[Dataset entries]
——————
(* Assume the loss $L$ satisfies the regularity conditions (C1)–(C4) below, that $\theta\mapsto L(\theta\mid x,y)$, $\theta\mapsto E_{(X,Y)\sim\mathbb{P}}L(\theta\mid X,Y)$ and $\theta\mapsto\pi(\theta,\lambda)$ are (sub)differentiable, and that the model is over-parameterized with respect to $\hat{\mathbb{P}}$, i.e. $\Theta_*\cap\Theta_\Lambda\neq\emptyset$. Then the AM estimator $\theta^*_{AM}=\mathfrak{A}_\theta(\hat{\mathbb{P}},\mathbb{P})$ satisfies $\theta^*_{AM}\in\Theta_*$. Moreover, if the loss is the negative log-likelihood, $L(\theta\mid x,y)=-\log p'(\theta\mid x,y)$, then for every $\theta^*\in\Theta_*$, $$D_{KL}(\mathbb{P},\mathbb{P}_{\theta^*_{AM}})=D_{KL}(\mathbb{P},\mathbb{P}_{\theta^*}).$$
   Context: A sample $S=\{(x_i,y_i)\}_{i=1}^n$ is drawn i.i.d. from an unknown population $\mathbb{P}$ on $\mathbf{W}\subset\mathbb{R}^{k}\times\mathbb{R}^{q}$; $\hat{\mathbb{P}}$ denotes its empirical distribution. A parametric model $\{\mathbb{P}_\theta:\theta\in\Theta\}$, $\Theta=\Theta^{(n)}\subseteq\mathbb{R}^p$, with likelihood $p'(\theta\mid x,y)$ and loss $L(\theta\mid x,y)$ is given. $\Theta_*=\Theta^{(n)}_*=\{\theta\in\Theta: E_{\mathbb{P}}L(\theta\mid X,Y)=\min_{\tilde\theta\in\Theta}E_{\mathbb{P}}L(\tilde\theta\mid X,Y)\}$ (the ''most plausible'' parameters). A duality function $\pi(\theta,\lambda)$, $\theta\in\Theta$, $\lambda\in\Lambda$ (hyper-parameter set) is fixed. For distributions $\mathbb{P}_{obs},\mathbb{P}_{fut}$ define $G_{\mathbb{P}_{obs}}(\theta,\lambda)=E_{\mathbb{P}_{obs}}L(\theta\mid X,Y)+\pi(\theta,\lambda)$ and $V_{\mathbb{P}_{fut},\mathbb{P}_{obs}}(\theta,\lambda)=E_{\mathbb{P}_{fut}}L(\theta\mid X,Y)-E_{\mathbb{P}_{obs}}L(\theta\mid X,Y)-\pi(\theta,\lambda)$. An AM equilibrium pair for $(\mathbb{P}_{obs},\mathbb{P}_{fut})$ is $(\hat\theta,\hat\lambda)$ with $\hat\theta\in\arg\min_\theta G_{\mathbb{P}_{obs}}(\theta,\hat\lambda)$ and $\hat\lambda\in\arg\min_{\lambda\in\Lambda}\sum_{i=1}^p\left|\partial V_{\mathbb{P}_{fut},\mathbb{P}_{obs}}(\theta,\lambda)/\partial\theta_i\right|_{\theta=\hat\theta}$. The AM operator $\mathfrak{A}_\theta(\mathbb{P}_{obs},\mathbb{P}_{fut})\in\mathbb{R}^p$ returns the $\hat\theta$ of an AM equilibrium pair that is globally optimal for $E_{\mathbb{P}_{fut}}L(\theta\mid X,Y)$ among equilibrium pairs (global optimality is assumed). $\Theta_\Lambda=\{\theta\in\Theta: G_{\hat{\mathbb{P}}}(\theta,\lambda)=\min_{\tilde\theta\in\Theta}G_{\hat{\mathbb{P}}}(\tilde\theta,\lambda)\text{ for some }\lambda\in\Lambda\}$. Regularity conditions: (C1) for each $\theta$, $L(\theta\mid\cdot)$ is Borel measurable on $\mathbf{W}$; (C2) for each $(x,y)\in\mathbf{W}$, $L(\cdot\mid x,y)$ is continuous on $\Theta$; (C3) $|L(\theta\mid x,y)|<b(x,y)$ for all $\theta$, with $b\ge0$ and $E|b(X,Y)|<\infty$; (C4) $\arg\min_{\theta\in\Theta}E_{\mathbb{P}}L(\theta\mid X,Y)$ exists. $D_{KL}$ is Kullback–Leibler divergence. *)

From HB Require Import structures.
From mathcomp Require Import all_boot all_order all_algebra.
From mathcomp Require Import all_classical all_reals all_analysis.
Set Implicit Arguments. Unset Strict Implicit. Unset Printing Implicit Defensive.
Import Order.TTheory GRing.Theory Num.Theory.
Import numFieldNormedType.Exports.
Local Open Scope classical_set_scope.
Local Open Scope ring_scope.

Section AMDefs.
Variable R : realType.


Definition partial (p : nat) (f : 'rV[R]_p -> R) (i : 'I_p) (th : 'rV[R]_p) : R :=
  'D_(delta_mx 0 i) f th.

Definition grad_l1 (p : nat) (f : 'rV[R]_p -> R) (th : 'rV[R]_p) : R :=
  \sum_(i < p) `| partial f i th |.

Definition pop_risk (d : measure_display) (T : measurableType d)
  (P : probability T R) (W : set T) (p : nat) (L : 'rV[R]_p -> T -> R)
  (th : 'rV[R]_p) : R :=
  Rintegral P W (L th).

(* E_{\hat P} L(theta | X, Y) for the empirical distribution of the sample S *)
Definition emp_risk (T : Type) (n : nat) (S : 'I_n -> T) (p : nat)
  (L : 'rV[R]_p -> T -> R) (th : 'rV[R]_p) : R :=
  (n%:R)^-1 * \sum_(i < n) L th (S i).

Definition Gfun (p : nat) (Lam : Type) (Eobs : 'rV[R]_p -> R)
  (pi : 'rV[R]_p -> Lam -> R) (th : 'rV[R]_p) (la : Lam) : R :=
  Eobs th + pi th la.

Definition Vfun (p : nat) (Lam : Type) (Efut Eobs : 'rV[R]_p -> R)
  (pi : 'rV[R]_p -> Lam -> R) (th : 'rV[R]_p) (la : Lam) : R :=
  Efut th - Eobs th - pi th la.

(* (th, la) is an AM equilibrium pair for (P_obs, P_fut), where Eobs, Efut
   are the expected-loss functions theta |-> E_{P_obs} L, E_{P_fut} L. *)
Definition AM_equilibrium (p : nat) (Lam : Type) (Theta : set 'rV[R]_p)
  (Lset : set Lam) (Eobs Efut : 'rV[R]_p -> R) (pi : 'rV[R]_p -> Lam -> R)
  (th : 'rV[R]_p) (la : Lam) : Prop :=
  [/\ Theta th, Lset la,
      (forall t, Theta t -> Gfun Eobs pi th la <= Gfun Eobs pi t la) &
      (forall l, Lset l ->
         grad_l1 (fun t => Vfun Efut Eobs pi t la) th
         <= grad_l1 (fun t => Vfun Efut Eobs pi t l) th)].

Definition AM_operator (p : nat) (Lam : Type) (Theta : set 'rV[R]_p)
  (Lset : set Lam) (Eobs Efut : 'rV[R]_p -> R) (pi : 'rV[R]_p -> Lam -> R)
  (th : 'rV[R]_p) : Prop :=
  (exists2 la, Lset la & AM_equilibrium Theta Lset Eobs Efut pi th la) /\
  (forall th' la', AM_equilibrium Theta Lset Eobs Efut pi th' la' ->
     Efut th <= Efut th').

Definition Theta_star (p : nat) (Theta : set 'rV[R]_p) (Epop : 'rV[R]_p -> R)
  : set 'rV[R]_p :=
  [set th | Theta th /\ forall t, Theta t -> Epop th <= Epop t].

Definition Theta_Lambda (p : nat) (Lam : Type) (Theta : set 'rV[R]_p)
  (Lset : set Lam) (Eemp : 'rV[R]_p -> R) (pi : 'rV[R]_p -> Lam -> R)
  : set 'rV[R]_p :=
  [set th | Theta th /\ exists2 la, Lset la &
     forall t, Theta t -> Gfun Eemp pi th la <= Gfun Eemp pi t la].

Definition has_density (d : measure_display) (T : measurableType d)
  (mu : {measure set T -> \bar R}) (Q : set T -> \bar R) (q : T -> R) : Prop :=
  [/\ (forall x, 0 <= q x), measurable_fun setT q &
      forall A, measurable A -> Q A = (\int[mu]_(x in A) (q x)%:E)%E].

(* Kullback-Leibler divergence D_KL(P, Q) = E_P [ log (dP/dQ) ], where
   p and q are densities of P and Q w.r.t. a common base measure (so that
   dP/dQ = p / q). *)
Definition KL_div (d : measure_display) (T : measurableType d)
  (P : {measure set T -> \bar R}) (p q : T -> R) : \bar R :=
  (\int[P]_x (ln (p x / q x))%:E)%E.

End AMDefs.

From HB Require Import structures.
From mathcomp Require Import all_boot all_order all_algebra.
From mathcomp Require Import all_classical all_reals all_analysis.
From mathcomp Require Import measurable_realfun.
Import Order.TTheory GRing.Theory Num.Theory.
Import numFieldNormedType.Exports.
Local Open Scope classical_set_scope.
Local Open Scope ring_scope.

(* Over-parameterisation provides a parameter th0 minimising both the
   population risk and G_{\hat P}(., la0) on the open set Theta.  Both
   gradients vanish at th0, hence so does that of V = E_P L - G_{\hat P}, so
   (th0, la0) is an AM equilibrium; the AM estimator is optimal for E_P L
   among equilibria, so it is also a population risk minimiser.
   For the negative log-likelihood, D_KL(P, P_th) = E_P[log p] + E_P L(th | .),
   where the first term may be infinite but adding the finite integral of an
   integrable function is still additive; hence all population risk
   minimisers have the same divergence. *)

Section derivative_along_line.
Context {R : realFieldType} {V : normedModType R}.
Variables (f : V -> R) (a v : V).

Let line_quotientE t :
  (fun h : R => h^-1 *: (((fun r : R => f (a + r *: v)) \o shift t) (h *: 1)
                         - f (a + t *: v))) =
  (fun h => h^-1 *: ((f \o shift (a + t *: v)) (h *: v) - f (a + t *: v))).
Proof.
by apply/funext => h /=; rewrite scaler1 scalerDl addrA [_ + h *: v]addrC addrA.
Qed.

Lemma derivable_along_line t :
  derivable (fun r : R => f (a + r *: v)) t 1 = derivable f (a + t *: v) v.
Proof. by rewrite /derivable line_quotientE. Qed.

Lemma derive_along_line t :
  'D_1 (fun r : R => f (a + r *: v)) t = 'D_v f (a + t *: v).
Proof. by rewrite /derive line_quotientE. Qed.

End derivative_along_line.

Lemma derive_eq0_at_min {R : realFieldType} {V : normedModType R}
    {D : set V} {f : V -> R} {a v : V} :
  open D -> D a -> (forall x, D x -> derivable f x v) ->
  (forall x, D x -> f a <= f x) -> 'D_v f a = 0.
Proof.
move=> oD Da fdrv fmin.
have line_near : \forall r \near (0 : R), D (a + r *: v).
  have : (fun r : R => a + r *: v) @ (0 : R) --> a + 0 *: v.
    by apply: cvgD; [exact: cvg_cst | apply: cvgZr_tmp; exact: cvg_id].
  by rewrite scale0r addr0; apply; exact: open_nbhs_nbhs.
have /nbhs_ballP[e e0 De] := line_near.
have Dline t : t \in `](- e), e[ -> D (a + t *: v).
  rewrite in_itv /= => /andP[et te]; apply: De.
  by rewrite /ball /= sub0r normrN ltr_norml et te.
have := derive_along_line f a v 0; rewrite scale0r addr0 => <-.
apply: derive_val; apply: (@derive1_at_min _ _ (- e) e).
- by apply: (@le_trans _ _ 0); rewrite ?oppr_le0 ltW.
- by move=> t /Dline Dt; rewrite derivable_along_line; exact: fdrv.
- by rewrite in_itv /= oppr_lt0 e0.
- by move=> t /Dline; rewrite scale0r addr0; exact: fmin.
Qed.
——————
Task.
Give back precisely the lines above that start at the line containing "Definition grad_l1 (p" and end at the line containing "T -> \bar R)", inclusive. No other lines belong in the output.

Finished exercise.
Definition grad_l1 (p : nat) (f : 'rV[R]_p -> R) (th : 'rV[R]_p) : R :=
  \sum_(i < p) `| partial f i th |.

Definition pop_risk (d : measure_display) (T : measurableType d)
  (P : probability T R) (W : set T) (p : nat) (L : 'rV[R]_p -> T -> R)
  (th : 'rV[R]_p) : R :=
  Rintegral P W (L th).

(* E_{\hat P} L(theta | X, Y) for the empirical distribution of the sample S *)
Definition emp_risk (T : Type) (n : nat) (S : 'I_n -> T) (p : nat)
  (L : 'rV[R]_p -> T -> R) (th : 'rV[R]_p) : R :=
  (n%:R)^-1 * \sum_(i < n) L th (S i).

Definition Gfun (p : nat) (Lam : Type) (Eobs : 'rV[R]_p -> R)
  (pi : 'rV[R]_p -> Lam -> R) (th : 'rV[R]_p) (la : Lam) : R :=
  Eobs th + pi th la.

Definition Vfun (p : nat) (Lam : Type) (Efut Eobs : 'rV[R]_p -> R)
  (pi : 'rV[R]_p -> Lam -> R) (th : 'rV[R]_p) (la : Lam) : R :=
  Efut th - Eobs th - pi th la.

(* (th, la) is an AM equilibrium pair for (P_obs, P_fut), where Eobs, Efut
   are the expected-loss functions theta |-> E_{P_obs} L, E_{P_fut} L. *)
Definition AM_equilibrium (p : nat) (Lam : Type) (Theta : set 'rV[R]_p)
  (Lset : set Lam) (Eobs Efut : 'rV[R]_p -> R) (pi : 'rV[R]_p -> Lam -> R)
  (th : 'rV[R]_p) (la : Lam) : Prop :=
  [/\ Theta th, Lset la,
      (forall t, Theta t -> Gfun Eobs pi th la <= Gfun Eobs pi t la) &
      (forall l, Lset l ->
         grad_l1 (fun t => Vfun Efut Eobs pi t la) th
         <= grad_l1 (fun t => Vfun Efut Eobs pi t l) th)].

Definition AM_operator (p : nat) (Lam : Type) (Theta : set 'rV[R]_p)
  (Lset : set Lam) (Eobs Efut : 'rV[R]_p -> R) (pi : 'rV[R]_p -> Lam -> R)
  (th : 'rV[R]_p) : Prop :=
  (exists2 la, Lset la & AM_equilibrium Theta Lset Eobs Efut pi th la) /\
  (forall th' la', AM_equilibrium Theta Lset Eobs Efut pi th' la' ->
     Efut th <= Efut th').

Definition Theta_star (p : nat) (Theta : set 'rV[R]_p) (Epop : 'rV[R]_p -> R)
  : set 'rV[R]_p :=
  [set th | Theta th /\ forall t, Theta t -> Epop th <= Epop t].

Definition Theta_Lambda (p : nat) (Lam : Type) (Theta : set 'rV[R]_p)
  (Lset : set Lam) (Eemp : 'rV[R]_p -> R) (pi : 'rV[R]_p -> Lam -> R)
  : set 'rV[R]_p :=
  [set th | Theta th /\ exists2 la, Lset la &
     forall t, Theta t -> Gfun Eemp pi th la <= Gfun Eemp pi t la].

Definition has_density (d : measure_display) (T : measurableType d)
  (mu : {measure set T -> \bar R}) (Q : set T -> \bar R) (q : T -> R) : Prop :=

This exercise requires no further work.